The growth recorded in the quarter doubles the estimate projected by the PIOJ back in July when it forecasted between 2.0 to 3.0 per cent for the September quarter.
The conservatism will continue into the projections for the remainder of the fiscal year due to global uncertainties.
“The pace of the recovery will be influenced by the challenges within the global economy, stemming from the supply-chain shocks, its impact on inflation, and the contractionary measures being implemented by central banks to temper the rate of inflation,” he said.
The PIOJ projects growth between October to December to be 2.5 to 3.5 per cent.
Then for the calendar 2022 year, it projects growth of 4.0 to 5.0 per cent.

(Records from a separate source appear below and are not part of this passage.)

Definition vcomp (k : nat) (U : vfield) : sfield :=
  fun x t => match k with
             | 0%nat => x1 (U x t) | 1%nat => x2 (U x t) | _ => x3 (U x t)
             end.

Definition curl (U : vfield) : vfield :=
  fun x t =>
    (dd 1 (vcomp 2 U) x t - dd 2 (vcomp 1 U) x t,
     dd 2 (vcomp 0 U) x t - dd 0 (vcomp 2 U) x t,
     dd 0 (vcomp 1 U) x t - dd 1 (vcomp 0 U) x t).

(* u^e for u >= 0, with the convention 0^e = 0 (e > 0 here) *)
Definition npow (u e : R) : R :=
  if Req_EM_T u 0 then 0 else Rpower u e.

Definition solves (s q V : pt -> R) (p eps : R) (U : vfield) : Prop :=
  forall (x : pt) (t : R) (k : nat), (k < 3)%nat ->
    s x * dd 3 (dd 3 (vcomp k U)) x t
    + vcomp k (curl (curl U)) x t
    + q x * vcomp k U x t
    + eps * V x * npow (pnorm (U x t)) (p - 1) * vcomp k U x t = 0.

From Stdlib Require Import Reals Lra Lia Classical FunctionalExtensionality.
From Coquelicot Require Import Coquelicot Derive_2d.
Open Scope R_scope.

(* A field psi(|x|, t) x/|x| is the spatial gradient of a radial function,
   hence curl-free.  Directly: for a radial scalar c, comparing points of
   equal norm gives x_k d_j c = x_j d_k c, and as U_k = x_k c this yields
   d_j U_k = d_k U_j.  So curl curl U = 0 and at each fixed x the equation is
   an ODE in t.  As a is radial, U(x, t + a x) = psi(|x|, t + a x) x/|x| is
   again of this form, hence curl-free, and at fixed x it is a time translate
   of U, so the remaining terms still cancel. *)

Definition pt_get (k : nat) (x : pt) : R :=
  match k with 0%nat => x1 x | 1%nat => x2 x | _ => x3 x end.

Definition pt_set (k : nat) (x : pt) (y : R) : pt :=
  match k with
  | 0%nat => (y, x2 x, x3 x)
  | 1%nat => (x1 x, y, x3 x)
  | _ => (x1 x, x2 x, y)
  end.

Definition pnorm2 (x : pt) : R := x1 x ^ 2 + x2 x ^ 2 + x3 x ^ 2.

Lemma line_spatial i f x t :
  (i < 3)%nat -> line i f x t = fun y => f (pt_set i x y) t.
Proof. intros Hi; destruct i as [|[|[|i]]]; try reflexivity; lia. Qed.

Lemma coord_spatial i x t : (i < 3)%nat -> coord i x t = pt_get i x.
Proof. intros Hi; destruct i as [|[|[|i]]]; try reflexivity; lia. Qed.

Lemma pt_get_set i x y : pt_get i (pt_set i x y) = y.
Proof. destruct i as [|[|i]]; reflexivity. Qed.

Lemma pt_get_set_other i j x y :
  i <> j -> (i < 3)%nat -> (j < 3)%nat -> pt_get j (pt_set i x y) = pt_get j x.
Proof.
  intros Hij Hi Hj.
  destruct i as [|[|[|i]]], j as [|[|[|j]]]; try reflexivity; lia.
Qed.

Lemma pt_set_get i x : pt_set i x (pt_get i x) = x.
Proof. destruct x as [[? ?] ?], i as [|[|i]]; reflexivity. Qed.

Lemma pt_set_set i x y z : pt_set i (pt_set i x y) z = pt_set i x z.
Proof. destruct i as [|[|i]]; reflexivity. Qed.

Lemma pnorm2_set i x y : pnorm2 (pt_set i x y) = pnorm2 x - pt_get i x ^ 2 + y ^ 2.
Proof.
  destruct x as [[? ?] ?]; unfold pnorm2.
  destruct i as [|[|i]]; simpl; unfold x1, x2, x3; simpl; ring.
Qed.

Lemma pt_get_origin k : pt_get k origin = 0.
Proof. destruct k as [|[|k]]; reflexivity. Qed.

Lemma pt_set_origin_0 k : pt_set k origin 0 = origin.
Proof. destruct k as [|[|k]]; reflexivity. Qed.

Lemma pt_get_scal k c x : pt_get k (scal_pt c x) = c * pt_get k x.
Proof. destruct k as [|[|k]]; reflexivity. Qed.

Lemma neq_origin_of_get k x : pt_get k x <> 0 -> x <> origin.
Proof. intros H ->; apply H, pt_get_origin. Qed.

Lemma continuous_pair {U V W : UniformSpace} (f : U -> V) (g : U -> W) x :
  continuous f x -> continuous g x -> continuous (fun z => (f z, g z)) x.
Proof.
  intros Hf Hg; apply (continuous_comp_2 f g pair); auto.
  apply continuous_ext with (f := fun y => y); [now intros [? ?] | apply continuous_id].
Qed.

Lemma continuous_fst' {U V : UniformSpace} (z : U * V) : continuous fst z.
Proof. destruct z; apply continuous_fst. Qed.

Lemma continuous_snd' {U V : UniformSpace} (z : U * V) : continuous snd z.
Proof. destruct z; apply continuous_snd. Qed.

Lemma continuous_pt_set_line j x (w : R * R) :
  continuous (fun w : R * R => (pt_set j x (fst w), snd w) : pt * R) w.
Proof.
  apply continuous_pair; [|apply continuous_snd'].
  destruct j as [|[|j]]; simpl;
    repeat apply continuous_pair; first [apply continuous_fst' | apply continuous_const].
Qed.

Lemma Derive_shift (g : R -> R) c t :
  ex_derive g (t + c) -> Derive (fun y => g (y + c)) t = Derive g (t + c).
Proof.
  intros Hg.
  assert (Hd : is_derive (fun y => y + c) t 1) by (auto_derive; auto; ring).
  rewrite (Derive_comp g (fun y => y + c)); [|exact Hg | now exists 1].
  replace (Derive (fun y => y + c) t) with 1 by (symmetry; exact (is_derive_unique _ _ _ Hd)).
  ring.
Qed.

Lemma ex_derive_along_graph (f : R -> R -> R) (g : R -> R) b :
  (forall u v, ex_derive (fun z => f z v) u) ->
  ex_derive (f b) (g b) ->
  continuous (fun w : R * R => Derive (fun z => f z (snd w)) (fst w)) (b, g b) ->
  ex_derive g b ->
  ex_derive (fun y => f y (g y)) b.
Proof.
  intros Hu Hv Hc [dg Hg].
  assert (Hdiff : differentiable_pt_lim f b (g b)
                    (Derive (fun z => f z (g b)) b) (Derive (f b) (g b))).
  { apply filterdiff_differentiable_pt_lim.
    eapply filterdiff_ext_lin.
    - apply (is_derive_filterdiff f b (g b) (fun u v => Derive (fun z => f z v) u)).
      + apply filter_forall; intros [u v]; apply Derive_correct, Hu.
      + apply Derive_correct, Hv.
      + exact Hc.
    - now intros [u v]. }
  eexists; apply is_derive_Reals.
  exact (derivable_pt_lim_comp_2d f (fun y => y) g b _ _ 1 dg Hdiff
           (derivable_pt_lim_id b) (proj1 (is_derive_Reals _ _ _) Hg)).
Qed.

(* x with x_j := y has the same norm as x with x_k := w y, where
   w y ^ 2 = x_k ^ 2 + y ^ 2 - x_j ^ 2 and w'(x_j) = x_j / x_k; the hypothesis
   x_j ^ 2 <= x_k ^ 2 keeps w y real for every y. *)
Lemma radial_partial_swap_le (f : pt -> R) j k x :
  radial f -> pt_get k x <> 0 -> pt_get j x ^ 2 <= pt_get k x ^ 2 ->
  ex_derive (fun z => f (pt_set k x z)) (pt_get k x) ->
  pt_get k x * Derive (fun y => f (pt_set j x y)) (pt_get j x)
  = pt_get j x * Derive (fun z => f (pt_set k x z)) (pt_get k x).
Proof.
  intros Hf Hs Hle HG.
  set (s := pt_get k x) in *; set (b := pt_get j x) in *.
  set (w := fun y => s * sqrt (1 + (y ^ 2 - b ^ 2) / s ^ 2)).
  assert (Hs2 : 0 < s ^ 2) by (apply pow2_gt_0; auto).
  assert (Hpos : forall y, 0 <= 1 + (y ^ 2 - b ^ 2) / s ^ 2).
  { intros y; set (r := / s ^ 2).
    assert (0 < r) by (apply Rinv_0_lt_compat; auto).
    assert (r * s ^ 2 = 1) by (unfold r; field; lra).
    unfold Rdiv; fold r; nra. }
  assert (Hw2 : forall y, w y ^ 2 = s ^ 2 + y ^ 2 - b ^ 2).
  { intros y; unfold w; rewrite Rpow_mult_distr, <- (Rsqr_pow2 (sqrt _)), Rsqr_sqrt by apply Hpos.
    field; lra. }
  assert (Hwb : w b = s).
  { unfold w; replace (1 + (b ^ 2 - b ^ 2) / s ^ 2) with 1 by (field; lra).
    rewrite sqrt_1; ring. }
  assert (Hsame_norm : forall y, f (pt_set j x y) = f (pt_set k x (w y))).
  { intros y; apply Hf; unfold pnorm; fold (pnorm2 (pt_set j x y)) (pnorm2 (pt_set k x (w y))).
    rewrite !pnorm2_set, Hw2; f_equal; fold s b; ring. }
  assert (Hdw : is_derive w b (b / s)).
  { unfold w; auto_derive.
    - replace (b * (b * 1) + - (b * (b * 1))) with 0 by ring; lra.
    - replace (1 + (b * (b * 1) + - (b * (b * 1))) * / (s * (s * 1))) with 1 by (field; lra).
      rewrite sqrt_1; field; lra. }
  rewrite (Derive_ext _ _ _ Hsame_norm).
  rewrite (Derive_comp (fun z => f (pt_set k x z)) w); [| now rewrite Hwb | now exists (b / s)].
  rewrite (is_derive_unique _ _ _ Hdw), Hwb; field; auto.
Qed.

Lemma radial_partial_swap (f : pt -> R) j k x :
  radial f -> pt_get k x <> 0 ->
  ex_derive (fun y => f (pt_set j x y)) (pt_get j x) ->
  ex_derive (fun z => f (pt_set k x z)) (pt_get k x) ->
  pt_get k x * Derive (fun y => f (pt_set j x y)) (pt_get j x)
  = pt_get j x * Derive (fun z => f (pt_set k x z)) (pt_get k x).
Proof.
  intros Hf Hs HF HG.
  destruct (Rle_lt_dec (pt_get j x ^ 2) (pt_get k x ^ 2)) as [Hle|Hlt].
  - now apply radial_partial_swap_le.
  - symmetry; apply radial_partial_swap_le; auto; [|lra].
    intros E; rewrite E in Hlt.
    assert (0 < pt_get k x ^ 2) by (apply pow2_gt_0; auto); simpl in Hlt; lra.
Qed.

Definition radial_field (psi : R -> R -> R) (U : vfield) : Prop :=
  forall x t, x <> origin -> U x t = scal_pt (psi (pnorm x) t / pnorm x) x.

Definition spatial_partials_exist (U : vfield) : Prop :=
  forall j k x t, (j < 3)%nat -> (k < 3)%nat ->
    ex_derive (fun y => pt_get k (U (pt_set j x y) t)) (pt_get j x).

Section RadialField.

Variables (psi : R -> R -> R) (U : vfield).
Hypotheses (HU : radial_field psi U) (HP : spatial_partials_exist U).

(* At the origin: u * U_k (u e_j) vanishes identically, as U_k does on the
   punctured x_j-axis, and its derivative at 0 is U_k (origin). *)
Lemma radial_field_on_plane k y t :
  (k < 3)%nat -> pt_get k y = 0 -> pt_get k (U y t) = 0.
Proof.
  intros Hk Hy.
  destruct (classic (y = origin)) as [->|Hne];
    [|now rewrite HU, pt_get_scal, Hy by auto; ring].
  set (j := match k with 0%nat => 1%nat | _ => 0%nat end).
  assert (Hj : (j < 3)%nat) by (unfold j; destruct k; lia).
  assert (Hjk : j <> k) by (unfold j; destruct k; lia).
  set (g := fun u => pt_get k (U (pt_set j origin u) t)).
  assert (Hg : ex_derive g 0).
  { pose proof (HP j k origin t Hj Hk) as E; rewrite pt_get_origin in E; exact E. }
  assert (Hzero : forall u, u * g u = 0).
  { intros u; destruct (Req_dec u 0) as [->|Hu]; [ring|].
    unfold g; rewrite HU.
    - rewrite pt_get_scal, pt_get_set_other, pt_get_origin by auto; ring.
    - apply (neq_origin_of_get j); rewrite pt_get_set; auto. }
  assert (D : Derive (fun u => u * g u) 0 = 0).
  { rewrite (Derive_ext _ (fun _ => 0)) by auto; apply Derive_const. }
  rewrite Derive_mult, Derive_id in D; auto using ex_derive_id.
  unfold g in D; rewrite pt_set_origin_0 in D; lra.
Qed.

Lemma radial_field_partial_sym_off_plane j k x t :
  (j < 3)%nat -> (k < 3)%nat -> j <> k -> pt_get k x <> 0 ->
  Derive (fun y => pt_get k (U (pt_set j x y) t)) (pt_get j x)
  = Derive (fun z => pt_get j (U (pt_set k x z) t)) (pt_get k x).
Proof.
  intros Hj Hk Hjk Hs.
  set (c := fun y : pt => psi (pnorm y) t / pnorm y).
  set (s := pt_get k x) in *; set (b := pt_get j x) in *.
  assert (E1 : forall y, pt_get k (U (pt_set j x y) t) = s * c (pt_set j x y)).
  { intros y; rewrite HU.
    - rewrite pt_get_scal, pt_get_set_other by auto; unfold c; fold s; ring.
    - apply (neq_origin_of_get k); rewrite pt_get_set_other; auto. }
  assert (Hloc : locally s (fun z => z <> 0)).
  { assert (Ha : 0 < Rabs s) by (apply Rabs_pos_lt; auto).
    exists (mkposreal _ Ha); intros z Hz ->.
    change (Rabs (0 - s) < Rabs s) in Hz; rewrite Rminus_0_l, Rabs_Ropp in Hz; lra. }
  assert (E2 : forall z, z <> 0 -> pt_get k (U (pt_set k x z) t) = z * c (pt_set k x z)).
  { intros z Hz; rewrite HU.
    - rewrite pt_get_scal, pt_get_set; unfold c; ring.
    - apply (neq_origin_of_get k); rewrite pt_get_set; auto. }
  assert (E3 : forall z, z <> 0 -> pt_get j (U (pt_set k x z) t) = b * c (pt_set k x z)).
  { intros z Hz; rewrite HU.
    - rewrite pt_get_scal, pt_get_set_other by auto; unfold c; fold b; ring.
    - apply (neq_origin_of_get k); rewrite pt_get_set; auto. }
  assert (Hcj : ex_derive (fun y => c (pt_set j x y)) b).
  { apply ex_derive_ext with (f := fun y => / s * pt_get k (U (pt_set j x y) t)).
    - intros y; cbv beta; rewrite E1, <- Rmult_assoc, Rinv_l by auto; apply Rmult_1_l.
    - apply ex_derive_scal, HP; auto. }
  assert (Hck : ex_derive (fun z => c (pt_set k x z)) s).
  { apply ex_derive_ext_loc with (f := fun z => / z * pt_get k (U (pt_set k x z) t)).
    - eapply filter_imp; [|exact Hloc]; intros z Hz; cbv beta.
      rewrite E2, <- Rmult_assoc, Rinv_l by auto; apply Rmult_1_l.
    - apply ex_derive_mult; [apply ex_derive_inv; auto; apply ex_derive_id | apply HP; auto]. }
  rewrite (Derive_ext _ (fun y => s * c (pt_set j x y))) by auto.
  rewrite (Derive_ext_loc (fun z => pt_get j (U (pt_set k x z) t)) (fun z => b * c (pt_set k x z)))
    by (eapply filter_imp; [|exact Hloc]; intros z Hz; apply E3; auto).
  rewrite !Derive_scal.
  apply (radial_partial_swap c); auto.
  intros y1 y2 E; unfold c; rewrite E; reflexivity.
Qed.

Lemma radial_field_partial_sym j k x t :
  (j < 3)%nat -> (k < 3)%nat -> j <> k -> dd j (vcomp k U) x t = dd k (vcomp j U) x t.
Proof.
  intros Hj Hk Hjk; unfold dd.
  rewrite (line_spatial j), (line_spatial k), (coord_spatial j), (coord_spatial k) by auto.
  change (Derive (fun y => pt_get k (U (pt_set j x y) t)) (pt_get j x)
          = Derive (fun z => pt_get j (U (pt_set k x z) t)) (pt_get k x)).
  destruct (Req_dec (pt_get k x) 0) as [Hk0|Hk0];
    [destruct (Req_dec (pt_get j x) 0) as [Hj0|Hj0]|].
  - rewrite (Derive_ext _ (fun _ => 0)), (Derive_ext (fun z => pt_get j _) (fun _ => 0)).
    + now rewrite !Derive_const.
    + intros z; apply radial_field_on_plane; auto; rewrite pt_get_set_other; auto.
    + intros y; apply radial_field_on_plane; auto; rewrite pt_get_set_other; auto.
  - symmetry; apply radial_field_partial_sym_off_plane; auto.
  - apply radial_field_partial_sym_off_plane; auto.
Qed.

Lemma radial_field_curl_free x t : curl U x t = (0, 0, 0).
Proof.
  unfold curl.
  rewrite (radial_field_partial_sym 1 2), (radial_field_partial_sym 2 0),
    (radial_field_partial_sym 0 1) by lia.
  now rewrite !Rminus_diag.
Qed.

Finally, for the fiscal year ending March 2023, it projects growth of 3.5 to 4.5 per cent.
These uncertainties have led global entities such as the International Monetary Fund to reduce its global growth projection for 2022 to 3.2 per cent from 3.6 per cent in April.
In relation to the macro-economy, Henry said that Jamaica's recovery continues within an environment of higher interest rates aimed at curbing high levels of inflation.
During the medium term, the PIOJ expects inflation to “gradually recede”.
The latest inflation stands at 9.9 per cent to October over 12 months, according to Bank of Jamaica (BOJ) data.
This level reflects an uptick since the 9.3 per cent over 12 months to September.
“The expectation is that inflation will gradually recede, easing the burden on Jamaican households. In this environment, it is important that monetary policy focuses on measures aimed at guiding inflation towards the target range, while fiscal policy focuses on strengthening public finances, supporting growth-inducing initiatives and reforms, while protecting the most vulnerable population from the inflation shock,” Henry stated in his address.
Henry still sees growth going forward, especially in tourism, which grew 29.6 per cent in the review period, amid external challenges.
“The numbers we have are supported by what we see so far,” said Henry.
“We underscore that these are fluid projections but for now, we are projecting growth in tourism.”
Tourism arrivals are up 52 per cent in October 2022 relative to a year earlier, reflecting buoyancy in the industry, PIOJ data indicated.